|Year : 2019 | Volume
| Issue : 7 | Page : 2184-2188
Fimasartan: A new armament to fight hypertension
Akshyaya Pradhan, Vikas Gupta, Rishi Sethi
Department of Cardiology, King George Medical University, Lucknow, Uttar Pradesh, India
|Date of Submission||10-Apr-2019|
|Date of Decision||10-Apr-2019|
|Date of Acceptance||22-May-2019|
|Date of Web Publication||31-Jul-2019|
Dr. Akshyaya Pradhan
Department of Cardiology, King George's Medical University, Lucknow - 226 003, Uttar Pradesh
Source of Support: None, Conflict of Interest: None
Hypertension is a major public health problem of modern era. Fimasartan is a new Angiotensin Receptor Blocker approved for treatment of hypertension. It is more potent and longer acting angiotensin receptor blocker with effects lasting over 24 hours. Many clinical studies have affirmed its role in pharmacotherapy of hypertension. Further, it is renoprotective and has proven beneficial in diabetes also. This article briefly discusses the pharmacology and clinical evidence with fimasartan with a short summary of previous angiotensin receptor blockers.
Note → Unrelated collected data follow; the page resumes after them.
(* For every integer $m \geq 1$, let $\mathrm{Cay}(\sigma_m)$ and $\mathrm{Cay}(\tau_m)$ be the Cayley graphs (defined in the context) of the Boolean functions $\sigma_m, \tau_m : \mathbb{Z}_2^{2m} \to \mathbb{Z}_2$. Then $\mathrm{Cay}(\sigma_m)$ and $\mathrm{Cay}(\tau_m)$ are isomorphic (as simple graphs) if and only if $m \in \{1,2,3\}$.
   Context: Identify $\mathbb{Z}_2^{2m}$ with the integers $0,\dots,4^m-1$ via binary representation, so each $i \in \mathbb{Z}_2^{2m}$ has a base-4 representation with $m$ digits (each base-4 digit being a consecutive pair of bits). Define $\sigma_m(i)=1$ if and only if the number of base-4 digits of $i$ equal to $1$ is odd, and $\sigma_m(i)=0$ otherwise. Define $\tau_m(i)=1$ if and only if the number of base-4 digits of $i$ equal to $1$ or $2$ is nonzero and the number of base-4 digits of $i$ equal to $1$ is even, and $\tau_m(i)=0$ otherwise. For $f:\mathbb{Z}_2^{2m}\to\mathbb{Z}_2$ with $f(0)=0$, the Cayley graph $\mathrm{Cay}(f)$ is the simple undirected graph with vertex set $\mathbb{Z}_2^{2m}$ in which distinct $i,j$ are adjacent if and only if $f(i+j)=1$ (addition in $\mathbb{Z}_2^{2m}$). *)

From mathcomp Require Import all_boot.
Set Implicit Arguments. Unset Strict Implicit. Unset Printing Implicit Defensive.

(* Z_2^{2m}, viewed through base-4 digits: an element is an m-tuple of
   consecutive bit pairs (hi, lo); digit k has value 2*hi + lo. *)
Definition V (m : nat) : finType := {ffun 'I_m -> bool * bool}.

Definition vadd m (x y : V m) : V m :=
  [ffun k => (((x k).1 (+) (y k).1), ((x k).2 (+) (y k).2))].

Definition digit m (x : V m) (k : 'I_m) : nat := 2 * (x k).1 + (x k).2.

Definition ndig m (x : V m) (d : nat) : nat := #|[set k | digit x k == d]|.

Definition sigma m (x : V m) : bool := odd (ndig x 1).

Definition tau m (x : V m) : bool :=
  (#|[set k | (digit x k == 1) || (digit x k == 2)]| != 0) && ~~ odd (ndig x 1).

Definition cay m (f : V m -> bool) : rel (V m) :=
  fun i j => (i != j) && f (vadd i j).

Definition graph_iso (T : finType) (e1 e2 : rel T) : Prop :=
  exists phi : T -> T, bijective phi /\ forall x y, e2 (phi x) (phi y) = e1 x y.

From mathcomp Require Import all_boot zify.

(* For m >= 4 the two graphs have different clique numbers.  The 2^m vectors
   whose base-4 digits are all 0 or 2 form a clique of Cay(tau_m).  On the other
   side, sigma_m is a quadratic form: sigma (x + y) = sigma x + sigma y + B(x, y)
   for a bilinear form B with B(x, x) = 0.  Translating a clique of Cay(sigma_m)
   so that it contains 0, its other vertices u, v satisfy B(u, v) = 1.  For such
   a family W, B(y, sum of S) = |S| + [y in S] (mod 2) for y in W, so when |W|
   is even the 2^|W| subset sums are distinct and |W| <= 2m; hence cliques of
   Cay(sigma_m) have at most 2m + 2 vertices, fewer than 2^m.  For m <= 3 an
   explicit isomorphism is checked by computation. *)

Definition dig (p : bool * bool) : nat := 2 * p.1 + p.2.

Definition padd (p p' : bool * bool) : bool * bool := (p.1 (+) p'.1, p.2 (+) p'.2).

Lemma vaddE {m} (x y : V m) k : vadd x y k = padd (x k) (y k).
Proof. by rewrite ffunE. Qed.

Lemma vaddKl {m} (x : V m) : involutive (vadd x).
Proof.
by move=> y; apply/ffunP => k; rewrite !vaddE /padd /= !addKb -surjective_pairing.
Qed.

Lemma vadd_translate {m} (p x y : V m) : vadd (vadd p x) (vadd p y) = vadd x y.
Proof.
by apply/ffunP => k; rewrite !vaddE /padd /= addbACA addbb addbACA addbb.
Qed.

Definition clique {T : finType} (e : rel T) (A : {set T}) : Prop :=
  {in A &, forall x y, x != y -> e x y}.

Lemma clique_iso {T : finType} {e1 e2 : rel T} {A : {set T}} :
  graph_iso e1 e2 -> clique e2 A -> exists2 B : {set T}, clique e1 B & #|B| = #|A|.
Proof.
case=> phi [[psi phiK psiK] e_phi] cliqueA.
exists (psi @: A); last exact/card_imset/(can_inj psiK).
move=> u v /imsetP[x Ax ->] /imsetP[y Ay ->] ne_psi.
rewrite -e_phi !psiK; apply: cliqueA => //.
by apply: contraNneq ne_psi => ->.
Qed.

Lemma odd_card_set (T : finType) (P : pred T) :
  odd #|[set k | P k]| = \big[addb/false]_k P k.
Proof.
rewrite -sum1_card big_mkcond /=.
rewrite (big_morph odd (id1 := false) (id2 := 0) oddD (erefl _)).
by apply: eq_bigr => k _; rewrite inE; case: (P k).
Qed.

Lemma sigmaE {m} (x : V m) : sigma x = \big[addb/false]_k (dig (x k) == 1).
Proof. exact: odd_card_set. Qed.

Definition sigma_polar {m} (x y : V m) : bool :=
  \big[addb/false]_k (((x k).1 && (y k).2) (+) ((x k).2 && (y k).1)).

Lemma sigmaD {m} (x y : V m) : sigma (vadd x y) = sigma x (+) sigma y (+) sigma_polar x y.
Proof.
rewrite !sigmaE /sigma_polar -!big_split /=; apply: eq_bigr => k _.
by rewrite vaddE /dig; case: (x k) => [[] []]; case: (y k) => [[] []].
Qed.

Lemma sigma_polarxx {m} (x : V m) : sigma_polar x x = false.
Proof. by rewrite /sigma_polar big1 // => k _; rewrite andbC addbb. Qed.

Definition vsum {m} (S : {set V m}) : V m :=
  [ffun k => (\big[addb/false]_(w in S) (w k).1, \big[addb/false]_(w in S) (w k).2)].

Lemma sigma_polar_vsum {m} (y : V m) S :
  sigma_polar y (vsum S) = \big[addb/false]_(w in S) sigma_polar y w.
Proof.
rewrite /sigma_polar exchange_big /=; apply: eq_bigr => k _.
by rewrite ffunE /= !big_distrr -big_split.
Qed.

Section PolarFamily.

Context {m : nat} {W : {set V m}}.
Hypothesis W_polar : {in W &, forall u v, u != v -> sigma_polar u v}.

Lemma sigma_polar_vsum_family {y} {S : {set V m}} :
  y \in W -> S \subset W -> sigma_polar y (vsum S) = odd #|S| (+) (y \in S).
Proof.
move=> Wy sSW; rewrite sigma_polar_vsum.
rewrite (eq_bigr (fun w => w != y)); last first.
  move=> w Sw; case: eqP => [->|/eqP ne_wy]; first by rewrite sigma_polarxx.
  by rewrite W_polar // ?(subsetP sSW) // eq_sym.
have -> : \big[addb/false]_(w in S) (w != y) = odd #|[set w | (w \in S) && (w != y)]|.
  by rewrite odd_card_set big_mkcond.
rewrite (cardsD1 y S) oddD (_ : [set w | _] = S :\ y).
  by case: (y \in S) => /=; case: (odd _).
by apply/setP => w; rewrite !inE andbC.
Qed.

Lemma vsum_inj_family : ~~ odd #|W| -> {in powerset W &, injective vsum}.
Proof.
move=> evenW S1 S2; rewrite !powersetE => sS1W sS2W eq_sum.
have parity y : y \in W -> (y \in S1) (+) (y \in S2) = odd #|S1| (+) odd #|S2|.
  move=> Wy; have := sigma_polar_vsum_family Wy sS1W.
  rewrite eq_sum (sigma_polar_vsum_family Wy sS2W).
  by case: (y \in S1); case: (y \in S2); case: (odd #|S1|); case: (odd #|S2|).
have notin_sub (S : {set V m}) y : S \subset W -> y \in W = false -> y \in S = false.
  by move=> /subsetP sSW; apply: contraFF; apply: sSW.
case: (boolP (odd #|S1| (+) odd #|S2|)) => [odd_diff | same_parity].
  have defS2 : S2 = W :\: S1.
    apply/setP => y; rewrite inE; case Wy: (y \in W).
      by move: (parity y Wy); rewrite odd_diff andbT; case: (y \in S1); case: (y \in S2).
    by rewrite andbF (notin_sub _ _ sS2W Wy).
  move: odd_diff; rewrite defS2 cardsD (setIidPr sS1W) oddB ?subset_leq_card //.
  by rewrite (negbTE evenW) /= addbb.
apply/setP => y; case Wy: (y \in W); last by rewrite !(notin_sub _ _ _ Wy).
move: (parity y Wy); rewrite (negbTE same_parity).
by case: (y \in S1); case: (y \in S2).
Qed.

Lemma card_polar_family_even : ~~ odd #|W| -> #|W| <= 2 * m.
Proof.
move=> evenW; rewrite -(@leq_exp2l 2) // -card_powerset.
rewrite -(card_in_imset (vsum_inj_family evenW)).
apply: leq_trans (max_card _) _.
by rewrite card_ffun card_prod card_bool card_ord expnM.
Qed.

End PolarFamily.

Lemma card_polar_family {m} (W : {set V m}) :
  {in W &, forall u v, u != v -> sigma_polar u v} -> #|W| <= 2 * m + 1.
Proof.
move=> W_polar; case: (boolP (odd #|W|)) => [oddW | evenW]; last first.
  by rewrite (leq_trans (card_polar_family_even W_polar evenW)) ?leq_addr.
have [w Ww] : exists w, w \in W by apply/set0Pn; rewrite -card_gt0 odd_gt0.
move: oddW; rewrite (cardsD1 w W) Ww add1n /= addn1 ltnS => evenW'.
apply: card_polar_family_even evenW' => u v /setD1P[_ Wu] /setD1P[_ Wv].
exact: W_polar.
Qed.

Lemma card_sigma_clique {m} {A : {set V m}} :
  clique (cay (@sigma m)) A -> #|A| <= 2 * m + 2.
Proof.
move=> cliqueA; have [-> | [p Ap]] := set_0Vmem A; first by rewrite cards0.
have sigma_edge a b : a \in A -> b \in A -> a != b -> sigma (vadd a b).
  by move=> Aa Ab ne_ab; case/andP: (cliqueA a b Aa Ab ne_ab).
pose W := vadd p @: (A :\ p).
have cardW : #|W| = #|A :\ p| by apply/card_imset/(inv_inj (vaddKl p)).
suff : #|W| <= 2 * m + 1 by rewrite (cardsD1 p A) Ap cardW; lia.
apply: card_polar_family => u v /imsetP[a /setD1P[ne_ap Aa] ->].
move=> /imsetP[b /setD1P[ne_bp Ab] ->] ne_pab.
have ne_ab : a != b by apply: contraNneq ne_pab => ->.
have := sigmaD (vadd p a) (vadd p b).
by rewrite vadd_translate !sigma_edge // eq_sym.
Qed.

Definition even_digits {m} (b : {ffun 'I_m -> bool}) : V m := [ffun k => (b k, false)].

Lemma even_digits_inj {m} : injective (@even_digits m).
Proof.
move=> a b eq_ab; apply/ffunP => k.
by have := congr1 (fun x : V m => (x k).1) eq_ab; rewrite /= !ffunE.
Qed.

Lemma tau_vadd_even_digits {m} (a b : {ffun 'I_m -> bool}) :
  tau (vadd (even_digits a) (even_digits b)) = (a != b).
Proof.
set x := vadd _ _.
have digitE k : digit x k = 2 * (a k (+) b k) by rewrite /digit !ffunE addn0.
rewrite /tau /ndig.
have -> : [set k | digit x k == 1] = set0.
  by apply/setP => k; rewrite !inE digitE; case: (_ (+) _).
have -> : [set k | (digit x k == 1) || (digit x k == 2)] = [set k | a k != b k].
  by apply/setP => k; rewrite !inE digitE; case: (a k); case: (b k).
rewrite cards0 andbT cards_eq0; congr (~~ _).
apply/eqP/eqP => [/setP empty | ->]; last by apply/setP => k; rewrite !inE eqxx.
by apply/ffunP => k; have := empty k; rewrite !inE => /negbFE/eqP.
Qed.

Lemma tau_clique m : exists2 A : {set V m}, clique (cay (@tau m)) A & #|A| = 2 ^ m.
Proof.
exists (even_digits @: setT).
  move=> x y /imsetP[a _ ->] /imsetP[b _ ->] ne_ab.
  by rewrite /cay ne_ab tau_vadd_even_digits; apply: contraNneq ne_ab => ->.
by rewrite card_imset ?cardsT ?card_ffun ?card_bool ?card_ord //; exact: even_digits_inj.
Qed.

Lemma linear_lt_exp2 m : 4 <= m -> 2 * m + 2 < 2 ^ m.
Proof.
elim: m => // m IHm; rewrite leq_eqVlt => /orP[/eqP <- // | /IHm].
by rewrite expnS; lia.
Qed.

Lemma card_set_count (T : finType) (P : pred T) : #|[set k | P k]| = count P (enum T).
Proof. by rewrite enumT cardsE cardE /enum_mem size_filter. Qed.

Definition toseq {m} (x : V m) : seq (bool * bool) := [seq x k | k <- enum 'I_m].

Definition ofseq {m} (s : seq (bool * bool)) : V m :=
  [ffun k : 'I_m => nth (false, false) s k].

Lemma size_toseq {m} (x : V m) : size (toseq x) = m.
Proof. by rewrite size_map size_enum_ord. Qed.

Lemma toseqK {m} : cancel (@toseq m) ofseq.
Proof.
by move=> x; apply/ffunP => k; rewrite ffunE (nth_map k) ?size_enum_ord // nth_ord_enum.
Qed.

Lemma ofseqK {m} s : size s = m -> toseq (@ofseq m s) = s.
Proof.
move=> size_s; apply: (@eq_from_nth _ (false, false)) => [|i]; rewrite size_toseq //.
move=> lt_i_m; rewrite (nth_map (Ordinal lt_i_m)) ?size_enum_ord //.
by rewrite ffunE (nth_ord_enum _ (Ordinal lt_i_m)).
Qed.

Definition xorS (s t : seq (bool * bool)) := [seq padd p.1 p.2 | p <- zip s t].

Lemma toseq_vadd {m} (x y : V m) : toseq (vadd x y) = xorS (toseq x) (toseq y).
Proof.
rewrite /toseq /xorS; elim: (enum 'I_m) => //= k e ->.
by rewrite vaddE.
Qed.

Lemma card_digit {m} (x : V m) (P : pred nat) :
  #|[set k | P (digit x k)]| = count (fun p => P (dig p)) (toseq x).
Proof. by rewrite /toseq count_map card_set_count. Qed.

Definition sigS (s : seq (bool * bool)) : bool := odd (count (fun p => dig p == 1) s).

Definition tauS (s : seq (bool * bool)) : bool :=
  (count (fun p => (dig p == 1) || (dig p == 2)) s != 0) && ~~ sigS s.

Lemma sigma_toseq {m} (x : V m) : sigma x = sigS (toseq x).
Proof. by rewrite /sigma /ndig (card_digit x (pred1 1)). Qed.

Lemma tau_toseq {m} (x : V m) : tau x = tauS (toseq x).
Proof.
rewrite /tau /ndig (card_digit x (pred1 1)).
by rewrite (card_digit x (fun n => (n == 1) || (n == 2))).
Qed.

Definition digit_pairs : seq (bool * bool) :=
  [:: (false, false); (false, true); (true, false); (true, true)].

Fixpoint tuples n : seq (seq (bool * bool)) :=
  if n is n'.+1 then [seq p :: s | p <- digit_pairs, s <- tuples n'] else [:: [::]].

Lemma mem_tuples s : s \in tuples (size s).
Proof.
elim: s => [//|p s IHs]; apply: (allpairs_f cons) IHs.
by case: p => [[] []].
Qed.

Section TupleMap.

Context {m : nat} {f : seq (bool * bool) -> seq (bool * bool)}.

Hypothesis size_f : forall s, size (f s) = m.
Hypothesis f_involutive : all (fun s => f (f s) == s) (tuples m).
Hypothesis f_cay :
  all (fun s => all (fun t => tauS (xorS (f s) (f t)) == sigS (xorS s t)) (tuples m))
      (tuples m).

Definition vmap (x : V m) : V m := ofseq (f (toseq x)).

Lemma toseq_in_tuples (x : V m) : toseq x \in tuples m.
Proof. by rewrite -{2}(size_toseq x) mem_tuples. Qed.

Lemma toseq_vmap x : toseq (vmap x) = f (toseq x).
Proof. exact: ofseqK. Qed.

Lemma vmapK : involutive vmap.
Proof.
move=> x; rewrite /vmap toseq_vmap.
by move/allP/(_ _ (toseq_in_tuples x))/eqP: f_involutive => ->; rewrite toseqK.
Qed.

Lemma cay_iso_of_tuple_map : graph_iso (cay (@sigma m)) (cay (@tau m)).
Proof.
exists vmap; split=> [|x y]; first exact: inv_bij vmapK.
rewrite /cay (inj_eq (inv_inj vmapK)) tau_toseq sigma_toseq !toseq_vadd !toseq_vmap.
move/allP/(_ _ (toseq_in_tuples x))/allP/(_ _ (toseq_in_tuples y))/eqP: f_cay.
by move->.
Qed.

End TupleMap.

(* A table lists the images of 0, ..., 4^m - 1, where base-4 digit k of an
   integer (least significant first) is coordinate k of the vector. *)
Definition encode (s : seq (bool * bool)) : nat := foldr (fun p n => dig p + 4 * n) 0 s.

Fixpoint decode m n : seq (bool * bool) :=
  if m is m'.+1 then (odd n./2, odd n) :: decode m' (n %/ 4) else [::].

Lemma size_decode m n : size (decode m n) = m.
Proof. by elim: m n => //= m IHm n; rewrite IHm. Qed.

Definition table_map m (table : seq nat) s := decode m (nth 0 table (encode s)).

Lemma size_table_map m table s : size (table_map m table s) = m.
Proof. exact: size_decode. Qed.

Lemma cay_iso1 : graph_iso (cay (@sigma 1)) (cay (@tau 1)).
Proof.
by apply: (cay_iso_of_tuple_map (size_table_map 1 [:: 0; 2; 1; 3])); vm_compute.
Qed.

Lemma cay_iso2 : graph_iso (cay (@sigma 2)) (cay (@tau 2)).
Proof.
apply: (cay_iso_of_tuple_map
  (size_table_map 2 [:: 0; 2; 1; 3; 11; 9; 10; 8; 7; 5; 6; 4; 12; 14; 13; 15]));
  by vm_compute.
Qed.

(* No linear map can work for m = 3: tau_3 has algebraic degree 3, while sigma_3
   is quadratic. *)
Lemma cay_iso3 : graph_iso (cay (@sigma 3)) (cay (@tau 3)).
Proof.
apply: (cay_iso_of_tuple_map (size_table_map 3
  [:: 0; 2; 1; 3; 11; 57; 58; 8; 7; 53; 54; 4; 12; 14; 13; 15;
      47; 33; 34; 44; 39; 25; 26; 36; 43; 21; 22; 40; 35; 45; 46; 32;
      31; 17; 18; 28; 23; 41; 42; 20; 27; 37; 38; 24; 19; 29; 30; 16;
      48; 50; 49; 51; 59; 9; 10; 56; 55; 5; 6; 52; 60; 62; 61; 63]));
  by vm_compute.
Qed.

Theorem theorem1 (m : nat) (hm : 1 <= m) :
  graph_iso (cay (@sigma m)) (cay (@tau m)) <-> m \in [:: 1; 2; 3].
Proof.
split=> [iso | ]; last first.
  rewrite !inE => /or3P[] /eqP->;
  [exact: cay_iso1 | exact: cay_iso2 | exact: cay_iso3].
have [A cliqueA cardA] := tau_clique m.
have [B cliqueB cardB] := clique_iso iso cliqueA.
have := card_sigma_clique cliqueB; rewrite cardB cardA.
case: (leqP 4 m) => [/linear_lt_exp2 lt_2m | m_lt4 _]; first by rewrite leqNgt lt_2m.
by rewrite !inE; lia.
Qed.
Keywords: Angiotensin receptor blocker, clinical studies, fimasartan, hypertension, pharmacokinetics
|How to cite this article:|
Pradhan A, Gupta V, Sethi R. Fimasartan: A new armament to fight hypertension. J Family Med Prim Care 2019;8:2184-8
| Introduction|| |
Hypertension is a major public health problem of modern era. Up to 28% of the world's adult population had uncontrolled hypertension in a study published in 2011. Anchala et al. reported an overall hypertension prevalence of 29.8% in India in their meta-analysis. The prevalence of hypertension in this study was significantly higher in urban Indians than in rural Indians (33.8% vs. 27.6%, respectively).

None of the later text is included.